Clang/LLVM uses vector instructions automatically when compiling at optimization level -O2
or higher. Clang/LLVM can be induced to produce a vectorization report as follows:
$ clang -03 -std=c99 mm.c -o mm -Rpass=vector
The command tells you which part of your code will be vectorized. Many machines don’t support the newest set of vector instructions, however, so the compiler uses vector instructions conservatively by default.
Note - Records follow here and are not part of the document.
(* Let $(S,M)$ be a surface with marked points and empty boundary. (a) If $(S,M)$ is not a sphere with $4$ or $5$ punctures, it has an ideal triangulation satisfying (T4). (b) If $(S,M)$ is a sphere with $5$ punctures, it has an ideal triangulation satisfying (T3$\tfrac12$), but no ideal triangulation satisfying (T4). (c) If $(S,M)$ is a sphere with $4$ punctures, it has an ideal triangulation satisfying (T3), but no ideal triangulation satisfying (T3$\tfrac12$).
   Context: $(S,M)$: $S$ compact, connected, oriented surface without boundary, $M$ a finite non-empty set of punctures, admitting ideal triangulations (not a sphere with fewer than four punctures). Arcs incident to a puncture are counted with multiplicity (an arc with both endpoints at the puncture counts twice). (T3): at each puncture at least three arcs of $T$ are incident. (T3$\tfrac12$): $T$ has (T3) and every arc of $T$ has an endpoint with at least four incident arcs. (T4): at each puncture at least four arcs of $T$ are incident. *)

From mathcomp Require Import all_boot.
Set Implicit Arguments. Unset Strict Implicit. Unset Printing Implicit Defensive.

(* Combinatorial encoding of an ideal triangulation of a punctured closed
   oriented surface as an oriented gluing of triangles (a combinatorial map).
   D      : darts = sides of the (oriented) triangles;
   face d : the next side of the triangle containing d (counterclockwise);
   edge d : the side glued to d (with opposite orientation).
   The tail of a dart is a puncture; the tail of [face (edge d)] equals the
   tail of [d], and the orbits of [rot] are exactly the punctures. *)

Definition rot (D : finType) (face edge : D -> D) : D -> D :=
  fun d => face (edge d).

Definition nb_punctures (D : finType) (face edge : D -> D) : nat :=
  fcard (rot face edge) D.

(* number of arcs incident to the puncture at the tail of d, counted with
   multiplicity (a loop counts twice) *)
Definition valence (D : finType) (face edge : D -> D) (d : D) : nat :=
  order (rot face edge) d.

Definition ideal_triangulation (D : finType) (face edge : D -> D)
  (g p : nat) : Prop :=
  [/\ (forall d, face (face (face d)) = d),
      (forall d, face d != d),
      (forall d, edge (edge d) = d),
      (forall d, edge d != d) &
      (forall x y : D, connect (fun a b => (b == face a) || (b == edge a)) x y)]
  /\ nb_punctures face edge = p
  (* Euler characteristic: V - E + F = 2 - 2g *)
  /\ p + #|D| %/ 3 + 2 * g = #|D| %/ 2 + 2.

Definition T3 (D : finType) (face edge : D -> D) : Prop :=
  forall d, 3 <= valence face edge d.

Definition T3half (D : finType) (face edge : D -> D) : Prop :=
  T3 face edge /\
  forall d, 4 <= valence face edge d \/ 4 <= valence face edge (edge d).

Definition T4 (D : finType) (face edge : D -> D) : Prop :=
  forall d, 4 <= valence face edge d.

(* Euler's formula for a triangulation with [n] darts ([3F = 2E = n]) reads
   [n + 12 = 6 (p + 2 g)], and [n] is also the sum of the valences of the
   [p] punctures.  On a sphere, (T4) thus forces [4 p <= 6 p - 12], i.e.
   [p >= 6], and with four punctures (T3) forces every valence to be exactly
   [3], so that (T3 1/2) fails.  Conversely, small explicit triangulations (the
   once-punctured torus, the octahedron, the triangular bipyramid and the
   tetrahedron) settle the base cases, and two local moves preserve (T4)
   because valences of old punctures never decrease: gluing a one-holed torus
   into a triangle raises the genus, and coning off the quadrilateral around an
   edge between two distinct triangles adds a puncture of valence four. *)

From HB Require Import structures.
From mathcomp Require Import all_boot zify.
Set Implicit Arguments. Unset Strict Implicit. Unset Printing Implicit Defensive.
Lemma block_mass (cnt : nat -> nat) M :
  sum_f_R0 (slot_mass cnt) (2 ^ M.+1 - 2)%N <=
  sum_f_R0 (fun m => INR (cnt m) * (/ 2) ^ m) M.
Proof.
elim: M => [|M IH].
  rewrite /= /slot_mass /blk /off trunc_log1 /=.
  by case: (cnt 0%N) => [|n]; rewrite Rmult_1_r ?S_INR /=; [lra | have := pos_INR n; lra].
set P := (2 ^ M.+1)%N in IH *.
have P_ge2 : (2 <= P)%N by rewrite /P expnS; have := expn_gt0 2 M; lia.
have -> : (2 ^ M.+2 - 2 = 2 * P - 2)%N by rewrite expnS.
rewrite (tech2 _ (P - 2) (2 * P - 2)); last by apply/ltP; lia.
rewrite tech5; apply: Rplus_le_compat => //.
have -> : ((2 * P - 2) - S (P - 2))%coq_nat = (P - 1)%N by lia.
rewrite (PartSum.sum_eq _ (fun i => if (i < cnt M.+1)%N then (/ 2) ^ M.+1 else 0)).
  rewrite sum_indicator; apply: Rmult_le_compat_r; first by apply: pow_le; lra.
  by apply: le_INR; apply/leP; apply: geq_minr.
move=> i /leP le_i; have [eb eo] := @blk_off M.+1 i ltac:(rewrite -/P; lia).
by rewrite /slot_mass (_ : (S (P - 2) + i)%coq_nat = (2 ^ M.+1 - 1 + i)%N) ?eb ?eo //; lia.
Qed.

Lemma rev_revpre (omega : nat -> bool) n : rev (revpre omega n) = mkseq omega n.
Proof. by elim: n => [|n IH] //=; rewrite rev_cons IH /mkseq -addn1 iotaD map_cat cats1. Qed.

Lemma extends_revpre (omega : nat -> bool) n : extends omega (rev (revpre omega n)).
Proof. by move=> k; rewrite rev_revpre size_mkseq => lt_k; rewrite nth_mkseq. Qed.

Section FirstHits.
Variable H : seq bool -> bool.

Fixpoint hit_prob (rs : seq bool) (m : nat) : R :=
  if H rs then 1 else
  match m with
  | 0 => 0
  | m'.+1 => (hit_prob (false :: rs) m' + hit_prob (true :: rs) m') / 2
  end.

Fixpoint first_hits (rs : seq bool) (m : nat) : seq (seq bool) :=
  match m with
  | 0 => if H rs then [:: rs] else [::]
  | m'.+1 => if H rs then [::] else first_hits (false :: rs) m' ++ first_hits (true :: rs) m'
  end.

Lemma first_hits_mass m rs :
  sum_f_R0 (fun j => INR (size (first_hits rs j)) * (/ 2) ^ j) m = hit_prob rs m.
Proof.
elim: m rs => [|m IH] rs; first by rewrite /=; case: (H rs) => /=; lra.
rewrite decomp_sum; last lia.
rewrite /=; case: (H rs) => /=.
  rewrite (PartSum.sum_eq _ (fun _ => 0)) ?sum_cte; first lra.
  by move=> i _; rewrite /= Rmult_0_l.
rewrite -IH -IH (PartSum.sum_eq _ (fun j => (INR (size (first_hits (false :: rs) j)) * (/ 2) ^ j
   + INR (size (first_hits (true :: rs) j)) * (/ 2) ^ j) * / 2)).
  by rewrite -scal_sum sum_plus; lra.
by move=> i _; rewrite size_cat plus_INR /=; ring.
Qed.

Lemma first_hits_size m rs s : s \in first_hits rs m -> size s = (size rs + m)%N.
Proof.
elim: m rs => [|m IH] rs /=.
  by case: (H rs); rewrite ?inE // => /eqP ->; rewrite addn0.
by case: (H rs) => //; rewrite mem_cat => /orP [] /IH ->; rewrite /= addSnnS.
Qed.

Lemma first_hits_card m rs : (size (first_hits rs m) <= 2 ^ m)%N.
Proof.
elim: m rs => [|m IH] rs /=; first by case: (H rs).
case: (H rs) => //; rewrite size_cat expnS.
by have := IH (false :: rs); have := IH (true :: rs); lia.
Qed.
Programmers can direct the compiler to use modern vector instructions using compiler flags such as the following:
-mavx
: Use Intel AVX vector instructions.-mavx2
: Use Intel AVX2 vector instructions.-mfma
: Use fused multiply-add vector instructions.-march=<string>
: Use whatever instructions are available on the specific arch.
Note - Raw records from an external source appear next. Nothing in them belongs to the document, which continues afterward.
(* The dimension of $\sigma_r(\mathcal{M}_{n,d})$ is bounded above by the optimal value of the following integer linear program in the variables $c_1,\ldots,c_d\in\mathbb{Z}$: $$\text{maximize } c_1+c_2+\cdots+c_d-1$$ subject to $$0\le c_i\le nr\ \text{ for } i\in[d],\qquad \sum_{i\in S}c_i\le\sum_{\lambda\cap S\neq\emptyset}|N_\lambda|\ \text{ for all } S\subseteq[d].$$ Here the last sum ranges over the partitions $\lambda$ of $d$ of length at most $n$ having at least one part lying in $S$.
   Context: Work over $\mathbb{C}$. Let $[d]=\{1,\ldots,d\}$. The variety $\sigma_r(\mathcal{M}_{n,d})\subset\mathbb{P}^{\binom{n+d-1}{d}-1}$ is the Zariski closure of the image of $m_{i_1\cdots i_n}=\sum_{j=1}^r\mu^{(j)}_{1i_1}\cdots\mu^{(j)}_{ni_n}$ over all $(i_1,\ldots,i_n)\in\mathbb{Z}_{\ge0}^n$ with $\sum_k i_k=d$, with $\mu^{(j)}_{k0}=1$. For a partition $\lambda$ of $d$ with at most $n$ parts, $N_\lambda$ is the set of index vectors $(i_1,\ldots,i_n)\in\mathbb{Z}_{\ge 0}^n$ whose multiset of nonzero entries equals $\lambda$. *)

From HB Require Import structures.
From mathcomp Require Import all_boot all_order all_algebra.
From mathcomp Require Import mpoly.
From Stdlib Require Import ClassicalDescription.
Set Implicit Arguments. Unset Strict Implicit. Unset Printing Implicit Defensive.
Import Order.TTheory GRing.Theory Num.Theory.
Local Open Scope ring_scope.

(* Index vectors (i_1,...,i_n) in Z_{>=0}^n with i_1+...+i_n = d.
   Entries are bounded by d, so they are encoded as 'I_n -> 'I_d.+1. *)
Definition idxvec (n d : nat) := {ffun 'I_n -> 'I_d.+1}.

Definition is_index (n d : nat) (a : idxvec n d) : bool :=
  (\sum_(k < n) (a k : nat) == d)%N.

Definition coords (n d : nat) : {set idxvec n d} := [set a | is_index a].

(* Parameters: x j k i stands for mu^{(j)}_{k i} (j in [r], k in [n], i in [0..d]);
   the entry i = 0 is not used: mu^{(j)}_{k0} = 1. *)
Definition params (C : Type) (r n d : nat) := 'I_r -> 'I_n -> 'I_d.+1 -> C.

Definition mu (C : numClosedFieldType) r n d (x : params C r n d)
  (j : 'I_r) (k : 'I_n) (i : 'I_d.+1) : C :=
  if i == ord0 then 1 else x j k i.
Due to restrictions on floating-point arithmetic, additional flags, such as -ffast-math
migth be needed for these vectorization flags to have an effect.
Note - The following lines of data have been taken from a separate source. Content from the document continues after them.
(* Let $a,b,c$ be nonzero and $G_1,G_2$ parameters, and define the transformation (a Dehn twist, obtained as a composition of two generalized mutations) $$a'=\frac{b^2+c^2+G_1bc}{a},\qquad b'=\frac{(a')^2+c^2+G_2a'c}{b},\qquad c'=c.$$ Then the function $$G_\gamma=G_2\frac{c}{b}+G_1\frac{c}{a}+\frac{a}{b}+\frac{b}{a}+\frac{c^2}{ab}$$ is preserved by this transformation, i.e. $G_\gamma(a',b',c)=G_\gamma(a,b,c)$.
   Context: Here $a,b,c$ are $\lambda$-lengths of arcs on a Riemann sphere with three holes and two bordered cusps on one hole ($PV$ case), $G_1,G_2$ encode the perimeters of the two uncusped holes, and $G_\gamma$ is the geodesic function of the closed geodesic $\gamma$ encircling these two holes. The claim is an identity of rational functions. *)

From mathcomp Require Import all_boot all_algebra.
Set Implicit Arguments. Unset Strict Implicit. Unset Printing Implicit Defensive.
Import GRing.Theory.
Local Open Scope ring_scope.

Definition Ggamma (F : fieldType) (G1 G2 a b c : F) : F :=
  G2 * (c / b) + G1 * (c / a) + a / b + b / a + c ^+ 2 / (a * b).

Definition twist_a (F : fieldType) (G1 a b c : F) : F :=
  (b ^+ 2 + c ^+ 2 + G1 * b * c) / a.
Definition twist_b (F : fieldType) (G1 G2 a b c : F) : F :=
  let a' := twist_a G1 a b c in (a' ^+ 2 + c ^+ 2 + G2 * a' * c) / b.

From mathcomp Require Import all_boot all_algebra.
From mathcomp Require Import ring.
Import GRing.Theory.
Set Implicit Arguments. Unset Strict Implicit. Unset Printing Implicit Defensive.
Local Open Scope ring_scope.

(* Each mutation is an exchange relation [a a' = b^2 + c^2 + G1 b c]; using it
   to cancel the numerator of [Ggamma] linearises it as
   [Ggamma a b c = (a + a' + G2 c) / b].  Since [Ggamma] is symmetric under
   swapping [(a, G1)] with [(b, G2)], the second mutation [b b' = a'^2 + c^2 + G2 a' c]
   gives [Ggamma a' b' c = (b' + b + G1 c) / a'], and cross-multiplying, the two
   expressions agree once both exchange relations are substituted. *)

Section Geodesic.

Variable F : fieldType.
Implicit Types a b c x : F.

Lemma GgammaC (G1 G2 : F) a b c : Ggamma G1 G2 a b c = Ggamma G2 G1 b a c.
Proof. by rewrite /Ggamma [b * a]mulrC; ring. Qed.

Lemma Ggamma_exchange (G1 G2 : F) a b c x :
    a != 0 -> b != 0 -> a * x = b ^+ 2 + c ^+ 2 + G1 * b * c ->
  Ggamma G1 G2 a b c = (a + x + G2 * c) / b.
Proof.
move=> a_neq0 b_neq0 exch.
have -> : Ggamma G1 G2 a b c = (G2 * c * a + a ^+ 2 + (b ^+ 2 + c ^+ 2 + G1 * b * c)) / (a * b).
  by rewrite /Ggamma; field; apply/andP.
by rewrite -exch; field; apply/andP.
Qed.

Lemma twist_a_exchange (G1 : F) a b c :
  a != 0 -> a * twist_a G1 a b c = b ^+ 2 + c ^+ 2 + G1 * b * c.
Proof. by move=> a_neq0; rewrite /twist_a mulrC divfK. Qed.

Lemma twist_b_exchange (G1 G2 : F) a b c : b != 0 ->
  twist_b G1 G2 a b c * b =
    twist_a G1 a b c ^+ 2 + c ^+ 2 + G2 * twist_a G1 a b c * c.
Proof. by move=> b_neq0; rewrite /twist_b divfK. Qed.

End Geodesic.

Theorem mainTheorem10 (F : fieldType) (G1 G2 a b c : F) :
  a != 0 -> b != 0 -> c != 0 ->
  twist_a G1 a b c != 0 -> twist_b G1 G2 a b c != 0 ->
  Ggamma G1 G2 (twist_a G1 a b c) (twist_b G1 G2 a b c) c = Ggamma G1 G2 a b c.
Proof.
move=> a_neq0 b_neq0 _ a'_neq0 b'_neq0.
have exch_a := twist_a_exchange G1 b c a_neq0.
have exch_b := twist_b_exchange G1 G2 a c b_neq0.
move: a'_neq0 b'_neq0 exch_a exch_b.
set a' := twist_a G1 a b c; set b' := twist_b G1 G2 a b c.
move=> a'_neq0 b'_neq0 exch_a exch_b.
rewrite GgammaC (Ggamma_exchange G1 b'_neq0 a'_neq0 exch_b).
rewrite (Ggamma_exchange G2 a_neq0 b_neq0 exch_a).
apply/eqP; rewrite eqr_div //; apply/eqP.
have -> : (b' + b + G1 * c) * b = b' * b + b ^+ 2 + G1 * b * c by ring.
have -> : (a + a' + G2 * c) * a' = a * a' + a' ^+ 2 + G2 * a' * c by ring.
by rewrite exch_a exch_b; ring.
Qed.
Using the flag -march=native
and -ffast-math
nearly doubles the performance.
version | Implementation | Running time (s) | Relative Speedup | Absolute Speedup | GFLOPS | Percent of peak |
---|---|---|---|---|---|---|
1 | Python | 21042 | 1.00 | 1 | 0.007 | 0.001 |
2 | Java | 2738 | 8.81 | 9 | 0.058 | 0.007 |
3 | C | 1156 | 2.07 | 18 | 0.119 | 0.014 |
4 | + Interchange loops | 177.68 | 6.5 | 118 | 0.774 | 0.093 |
5 | + compiler falgs | 54.64 | 3.25 | 385 | 2.526 | 0.301 |
6 | Parallel loops | 3.04 | 17.97 | 6921 | 45.211 | 5.408 |
7 | +tiling | 1.79 | 1.70 | 11,772 | 76.782 | 9.184 |
8 | Parallel divide-and-conquer | 1.30 | 1.38 | 16,197 | 105.722 | 12.646 |
9 | + compiler vectorization | 0.7 | 1.87 | 30.272 | 196.341 | 23.468 |
AVX Intrinsic Instructions
Instead of letting compiler vectorize your code, you can also use the AVX instructions directly. Intel provies C-style functions, called instrinic instructions, that provide direct access to hardware vector operations.
version | Implementation | Running time (s) | Relative Speedup | Absolute Speedup | GFLOPS | Percent of peak |
---|---|---|---|---|---|---|
1 | Python | 21042 | 1.00 | 1 | 0.007 | 0.001 |
2 | Java | 2738 | 8.81 | 9 | 0.058 | 0.007 |
3 | C | 1156 | 2.07 | 18 | 0.119 | 0.014 |
4 | + Interchange loops | 177.68 | 6.5 | 118 | 0.774 | 0.093 |
5 | + compiler falgs | 54.64 | 3.25 | 385 | 2.526 | 0.301 |
6 | Parallel loops | 3.04 | 17.97 | 6921 | 45.211 | 5.408 |
7 | +tiling | 1.79 | 1.70 | 11,772 | 76.782 | 9.184 |
8 | Parallel divide-and-conquer | 1.30 | 1.38 | 16,197 | 105.722 | 12.646 |
9 | + compiler vectorization | 0.7 | 1.87 | 30,272 | 196.341 | 23.468 |
10 | + AVX instrinsics | 0.39 | 1.76 | 53,292 | 352.408 | 41.677 |
We stop here as it beats the Intel MKL library which contains engineered math kernels for doing matmul (only for the 4096 x 4096 case).